Филип Дик - Время собираться
Он задумался. Еврейка? Немка?
– У вас фамилия, как у композитора. И пишется также?
– Как?
– Как у Густава Малера. Или вам не говорили?
– Не знаю, – последовала пауза.
– А что же вы знаете? – И он громко рассмеялся. Девушка смотрела в пол. Он не мог понять, рассержена она или смущена. Для него, знавшего многих девушек, знакомившегося с ними в похожих обстоятельствах, именно первые моменты решали все. Он либо нравился девушке, либо нет. Если нет, он просто уходил. Он был слишком стар, чтобы переживать из-за этого.
Жизнь представлялась Верну короткой штукой. Он никогда не жил с ощущением вечности, протянувшейся перед ним. То, что ему хотелось, он рассчитывал получить в отрезок времени столь короткий, что он практически видел его конец. И вовсе не воображал, что та жизнь, которая ему по вкусу, будет продолжаться всегда. Глядя на молчащую девушку, он ждал и готовился к следующему шагу, к знаку, который даст ему понять, оставаться или отчаливать. На другом конце комнаты как раз появилась длинноволосая блондинка: она только что вошла и осматривалась. Стройная, большеглазая, полногрудая, она стояла и ждала. Он снова глянул на Барбару.
– Вы, наверное, думаете, что я жутко глупая, – прошептала та.
Верн снова расхохотался.
– Не возражаете, если я присяду? Вы ведь не претендуете на всю кушетку целиком или как?
Она потрясла головой. Он думал: что вы за птица, юная девушка? Похоже, довольно крепкий орешек. И еще он подумал: но это не все. Нет, далеко не все.
Он сел и поставил стакан себе на колено. Широко раздвинул ноги. Пальцы Барбары теребили нитку, торчавшую из обивки кушетки. Он следил за ней. Оба молчали. Верн знал, как непросто понять, что творится в голове у женщины, что она может выдать в следующую минуту. Он приучил себя навязываться им едва ли не силой и стремительно идти напролом. И либо бесповоротно проигрывал с самого начала, либо получал свое. Он давно уже не пытался постичь сложную работу женского мозга.
– Вы здесь всех людей знаете? – спросила Барбара.
– Некоторых. Я ведь не в Касле живу. Я из Нью-Йорка. Сюда приехал ненадолго отдохнуть от дел. Пора возвращаться.

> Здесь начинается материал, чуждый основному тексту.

Definition lcoset (g : 'I_2) (u : lpoly) : lpoly :=
  @LPoly (fun j => lcoef u ((nat_of_ord g)%:Z + 2 * j)) (lbnd u)
         (@lcoset_bnd u g).

Definition ldvd (f q : C -> C) : Prop :=
  exists c : lpoly, forall z : C, z != 0 -> f z = q z * lev c z.

Definition vm_ge (u : lpoly) (m : nat) : Prop :=
  ldvd (lev u) (fun z => (z - 1) ^+ m).

Definition sr_ge (u : lpoly) (m : nat) : Prop :=
  ldvd (lev u) (fun z => (z + 1) ^+ m).

Definition selfadj (u : lpoly) : Prop :=
  forall k : int, lcoef u (- k) = (lcoef u k)^*.

Definition qtf (a Th b1 b2 : lpoly) : Prop :=
  forall z : C, z != 0 ->
    lev Th (z ^+ 2) * lstar_ev a z * lev a z
      + lstar_ev b1 z * lev b1 z - lstar_ev b2 z * lev b2 z = lev Th z
 /\ lev Th (z ^+ 2) * lstar_ev a z * lev a (- z)
      + lstar_ev b1 z * lev b1 (- z) - lstar_ev b2 z * lev b2 (- z) = 0.

Definition lmat (M : 'I_2 -> 'I_2 -> lpoly) (z : C) : 'M[C]_2 :=
  \matrix_(i < 2, j < 2) lev (M i j) z.
Definition lmat_star (M : 'I_2 -> 'I_2 -> lpoly) (z : C) : 'M[C]_2 :=
  \matrix_(i < 2, j < 2) lstar_ev (M j i) z.

Definition D1m1 : 'M[C]_2 :=
  diag_mx (\row_(i < 2) (if i == ord0 then 1 else -1)).

Definition Nmat (A B : lpoly) (z : C) : 'M[C]_2 :=
  let A0 := lev (lcoset ord0 A) z in let A1 := lev (lcoset ord_max A) z in
  let B0 := lev (lcoset ord0 B) z in let B1 := lev (lcoset ord_max B) z in
  2^-1 *: \matrix_(i < 2, j < 2)
     (if i == ord0 then (if j == ord0 then A0 + B0 else A1 - B1)
      else (if j == ord0 then z * (A1 + B1) else A0 - B0)).

End LaurentFilters.

From HB Require Import structures.
From mathcomp Require Import all_boot all_order all_algebra.
From mathcomp Require Import zify ring.
Set Implicit Arguments. Unset Strict Implicit. Unset Printing Implicit Defensive.
Import Order.TTheory GRing.Theory Num.Theory.
Local Open Scope ring_scope.

(* Write b = (1 - z)^nb bo.  Since Th(z) - Th(z^2) a^*(z) a(z) and
   -Th(z^2) a^*(z) a(-z) carry the factors (1 - z)^nb (1 - z^-1)^nb and
   (1 - z^-1)^nb (1 + z)^nb, the two quasi-tight identities for b amount,
   after cancelling these factors, to
     A(z) = bo^*(z) diag(1,-1) bo(z)   and   B(z) = bo^*(z) diag(1,-1) bo(-z);
   the cancellation is valid away from z = 1, -1 and extends to every z != 0
   because both sides are Laurent polynomials.  Expanding A, B and bo into
   cosets, the values of these two identities at w and -w form an invertible
   linear system in the entries of N_{a,Th|nb}(w^2) and of
   [bo^[0] bo^[1]]^* diag(1,-1) [bo^[0] bo^[1]](w^2), so the identities are
   equivalent to the matrix factorization.  Conversely, bo is obtained by
   interleaving the columns of V. *)

Section QuasiTightPolyphase.
Variable C : numClosedFieldType.
Implicit Types (u v : lpoly C) (x y z w : C).

(* [lev] and [lstar_ev] are window sums of half-width [lbnd]; widening the
   window lets several Laurent polynomials be expanded over a common range. *)
Definition wsum (f : int -> C) (N : nat) : C :=
  \sum_(i < N.*2.+1) f (i%:Z - N%:Z).

Lemma wsumS f N : wsum f N.+1 = f (- (N.+1)%:Z) + wsum f N + f (N.+1)%:Z.
Proof.
rewrite /wsum doubleS big_ord_recl big_ord_recr /= addrA.
congr (_ + _ + _); first by congr f; lia.
- by apply: eq_bigr => i _; congr f; rewrite /bump /=; lia.
- by congr f; rewrite /bump /=; lia.
Qed.

Lemma eq_wsum f g N : f =1 g -> wsum f N = wsum g N.
Proof. by move=> fg; apply: eq_bigr => i _; rewrite fg. Qed.

Lemma mulr_wsumr a f N : a * wsum f N = wsum (fun k => a * f k) N.
Proof. by rewrite /wsum mulr_sumr. Qed.

Lemma wsum_widen f M N : (forall k, (M < `|k|)%N -> f k = 0) -> (M <= N)%N ->
  wsum f N = wsum f M.
Proof.
move=> f0; elim: N => [|N IH]; first by rewrite leqn0 => /eqP ->.
rewrite leq_eqVlt => /orP [/eqP -> //|]; rewrite ltnS => leMN.
by rewrite wsumS IH // !f0 ?addr0 ?add0r //; lia.
Qed.

Lemma wsum_double f N : wsum f N.*2 + f (N.*2.+1)%:Z =
  wsum (fun j => f (2 * j)) N + wsum (fun j => f (1 + 2 * j)) N.
Proof.
elim: N => [|N IH]; first by rewrite /wsum !big_ord1.
rewrite doubleS !wsumS -[wsum f N.*2](addrK (f (N.*2.+1)%:Z)) IH.
have -> : f (- (N.*2.+2)%:Z) = f (2 * - (N.+1)%:Z) by congr f; lia.
have -> : f (N.*2.+2)%:Z = f (2 * (N.+1)%:Z) by congr f; lia.
have -> : f (- (N.*2.+1)%:Z) = f (1 + 2 * - (N.+1)%:Z) by congr f; lia.
have -> : f (N.*2.+3)%:Z = f (1 + 2 * (N.+1)%:Z) by congr f; lia.
ring.
Qed.

Lemma lev_wsum u z N : (lbnd u <= N)%N ->
  lev u z = wsum (fun k => lcoef u k * z ^ k) N.
Proof.
by move=> leuN; rewrite (@wsum_widen _ (lbnd u)) // => k /lcoefP ->; rewrite mul0r.
Qed.

Lemma lstar_evE u z : lstar_ev u z = (lev u (z^-1)^*)^*.
Proof.
rewrite /lstar_ev /lev rmorph_sum; apply: eq_bigr => i _.
rewrite rmorphM -exprz_inv (fmorphXz Num.conj).
by congr (_ * (_ ^ _)); exact/esym/conjCK.
Qed.

Definition polyphase u u0 u1 : Prop :=
  (forall j, lcoef u0 j = lcoef u (2 * j)) /\
  (forall j, lcoef u1 j = lcoef u (1 + 2 * j)).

– Вы из Нью-Йорка? А что вы там делаете?
– Работаю на радио. Даже веду программу о джазе. «С миру по нитке» называется. Неужели не слышали?
– Я из Бостона. «С миру по нитке»? И что у вас за джаз?
– Музыка для музыкантов. Прогрессив. Не какой-нибудь дудл-ди-допдоп, а настоящие джазовые эксперименты. Рейберн, Ширинг. Брубек.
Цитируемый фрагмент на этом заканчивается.